From the listing, collect all lines containing the word "commGG".

(Source information begins)

Lemma powz_prim_nonneg y u : 1 <= y -> 0 <= u -> powz_prim y u = powz y u.
Proof.
  intros Hy Hu. unfold powz_prim. destruct (Req_EM_T y 1) as [-> |]; auto.
  destruct Hu as [Hu| <-]; [now rewrite powz_pos, Rpower_1 | rewrite powz_nonpos; lra].
Qed.

Lemma powz_prim_continuity y : 1 <= y -> forall u, continuity_pt (powz_prim y) u.
Proof.
  intros Hy u. apply derivable_continuous_pt.
  exists (y * powz (y - 1) u). now apply powz_prim_derivable.
Qed.

Lemma derivable_pt_lim_one_minus t : derivable_pt_lim (fun t => 1 - t) t (-1).
Proof.
  replace (-1) with (0 - 1) by ring.
  apply (derivable_pt_lim_minus (fct_cte 1) id);
    [apply derivable_pt_lim_const | apply derivable_pt_lim_id].
Qed.

Lemma continuity_pt_one_minus (h : R -> R) :
  (forall u, continuity_pt h u) -> forall t, continuity_pt (fun t => h (1 - t)) t.
Proof.
  intros H t. apply (continuity_pt_comp (fun t => 1 - t) h); [|apply H].
  apply derivable_continuous_pt. exists (-1). apply derivable_pt_lim_one_minus.
Qed.

Lemma RiemannInt_ftc f F a b (h : a <= b)
  (cf : forall x, a <= x <= b -> continuity_pt f x)
  (dF : forall x, a <= x <= b -> derivable_pt_lim F x (f x))
  (pr : Riemann_integrable f a b) :
  RiemannInt pr = F b - F a.
Proof.
  rewrite (RiemannInt_P20 h (FTC_P1 h cf) pr).
  assert (HF : antiderivative f F a b).
  { split; auto. intros x Hx. exists (exist _ (f x) (dF x Hx)).
    symmetry; apply derive_pt_eq_0; auto. }
  destruct (antiderivative_Ucte _ _ _ _ _ (RiemannInt_P29 h cf) HF) as [C HC].
  rewrite !HC; [ring | lra | lra].
Qed.

Lemma RiemannInt_scal f c (pr : Riemann_integrable f 0 1)
  (prc : Riemann_integrable (fun t => c * f t) 0 1) :
  RiemannInt prc = c * RiemannInt pr.
Proof.
  pose (pr0 := RiemannInt_P14 0 1 0).
  pose (pr1 := RiemannInt_P10 c pr0 pr).
  rewrite (RiemannInt_P18 prc pr1) by (lra || (intros; unfold fct_cte; ring)).
  rewrite (RiemannInt_P13 pr0 pr pr1), RiemannInt_P15. ring.
Qed.

(* The integrand of [Beta x y], made continuous on [R] for [x, y >= 1]. *)
Definition beta_kernel (x y t : R) : R := powz (x - 1) t * powz (y - 1) (1 - t).
(* Every central extension of multiplicative Lie algebras is isoclinic to a stem extension.
   Context: A multiplicative Lie algebra is a group $(G,\cdot)$ with a binary operation $\star$ such that for all $x,y,z\in G$: $x\star x=1$; $x\star(yz)=(x\star y)\,{}^y(x\star z)$; $(xy)\star z={}^x(y\star z)(x\star z)$; $((x\star y)\star{}^yz)((y\star z)\star{}^zx)((z\star x)\star{}^xy)=1$; ${}^z(x\star y)={}^zx\star{}^zy$, where ${}^xy=xyx^{-1}$. $Z(G)$ is the group center, $LZ(G)=\{x: x\star y=1\ \forall y\}$, $\mathcal Z(G)=LZ(G)\cap Z(G)$; $[x,y]$ is the group commutator; ${}^M[G,G]=(G\star G)[G,G]$ with $G\star G$ the ideal generated by all $a\star b$. A short exact sequence $1\to H\xrightarrow{\alpha}G\xrightarrow{\beta}K\to1$ of multiplicative Lie algebras is a central extension if $\alpha(H)\subseteq\mathcal Z(G)$, and a stem extension if moreover $\alpha(H)\subseteq{}^M[G,G]$. Two central extensions $1\to H_i\to G_i\xrightarrow{\beta_i}K_i\to1$ are isoclinic if there are multiplicative Lie algebra isomorphisms $\lambda:K_1\to K_2$, $\mu:{}^M[G_1,G_1]\to{}^M[G_2,G_2]$ with $\mu([g,g'])=[h,h']$ and $\mu(g\star g')=h\star h'$ whenever $g,g'\in G_1$, $h,h'\in G_2$ satisfy $\beta_2(h)=\lambda\beta_1(g)$, $\beta_2(h')=\lambda\beta_1(g')$. *)

Set Implicit Arguments.

Record MLA := {
  car :> Type;
  mul : car -> car -> car;
  one : car;
  inv : car -> car;
  star : car -> car -> car;
  mulA : forall x y z, mul x (mul y z) = mul (mul x y) z;
  mul1x : forall x, mul one x = x;
  mulx1 : forall x, mul x one = x;
  mulVx : forall x, mul (inv x) x = one;
  mulxV : forall x, mul x (inv x) = one;
  (* conjugation  ^x y = x y x^-1 is written out explicitly below *)
  star_xx : forall x, star x x = one;
  star_xM : forall x y z,
      star x (mul y z) = mul (star x y) (mul (mul y (star x z)) (inv y));
  star_Mx : forall x y z,
      star (mul x y) z = mul (mul (mul x (star y z)) (inv x)) (star x z);
  star_jacobi : forall x y z,
      mul (mul (star (star x y) (mul (mul y z) (inv y)))
               (star (star y z) (mul (mul z x) (inv z))))
          (star (star z x) (mul (mul x y) (inv x))) = one;
  star_conj : forall x y z,
      mul (mul z (star x y)) (inv z)
      = star (mul (mul z x) (inv z)) (mul (mul z y) (inv z))
}.

Arguments mul {m}.
Arguments one {m}.
Arguments inv {m}.
Arguments star {m}.

Definition conjl {G : MLA} (x y : G) : G := mul (mul x y) (inv x).
Definition commg {G : MLA} (x y : G) : G := mul (mul (mul x y) (inv x)) (inv y).

Definition subgroup {G : MLA} (S : G -> Prop) : Prop :=
  S one /\ (forall x y, S x -> S y -> S (mul x y)) /\ (forall x, S x -> S (inv x)).

Definition ideal {G : MLA} (L : G -> Prop) : Prop :=
  subgroup L /\ (forall g l, L l -> L (conjl g l)) /\ (forall g l, L l -> L (star g l)).

Definition starGG (G : MLA) (x : G) : Prop :=
  forall L : G -> Prop, ideal L -> (forall a b : G, L (star a b)) -> L x.

Definition commGG (G : MLA) (x : G) : Prop :=
  forall S : G -> Prop, subgroup S -> (forall a b : G, S (commg a b)) -> S x.

Definition MGG (G : MLA) (x : G) : Prop :=
  exists a b, starGG G a /\ commGG G b /\ x = mul a b.

Definition center (G : MLA) (x : G) : Prop := forall y : G, mul x y = mul y x.
Definition LZ (G : MLA) (x : G) : Prop := forall y : G, star x y = one.
Definition MLZ (G : MLA) (x : G) : Prop := LZ G x /\ center G x.

Definition mla_hom {G1 G2 : MLA} (f : G1 -> G2) : Prop :=
  (forall x y, f (mul x y) = mul (f x) (f y)) /\
  (forall x y, f (star x y) = star (f x) (f y)).

Definition mla_iso {G1 G2 : MLA} (f : G1 -> G2) : Prop :=
  mla_hom f /\ (forall x y, f x = f y -> x = y) /\ (forall z, exists x, f x = z).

(Source information ends)

● Exercise output
Definition commGG (G : MLA) (x : G) : Prop :=
  exists a b, starGG G a /\ commGG G b /\ x = mul a b.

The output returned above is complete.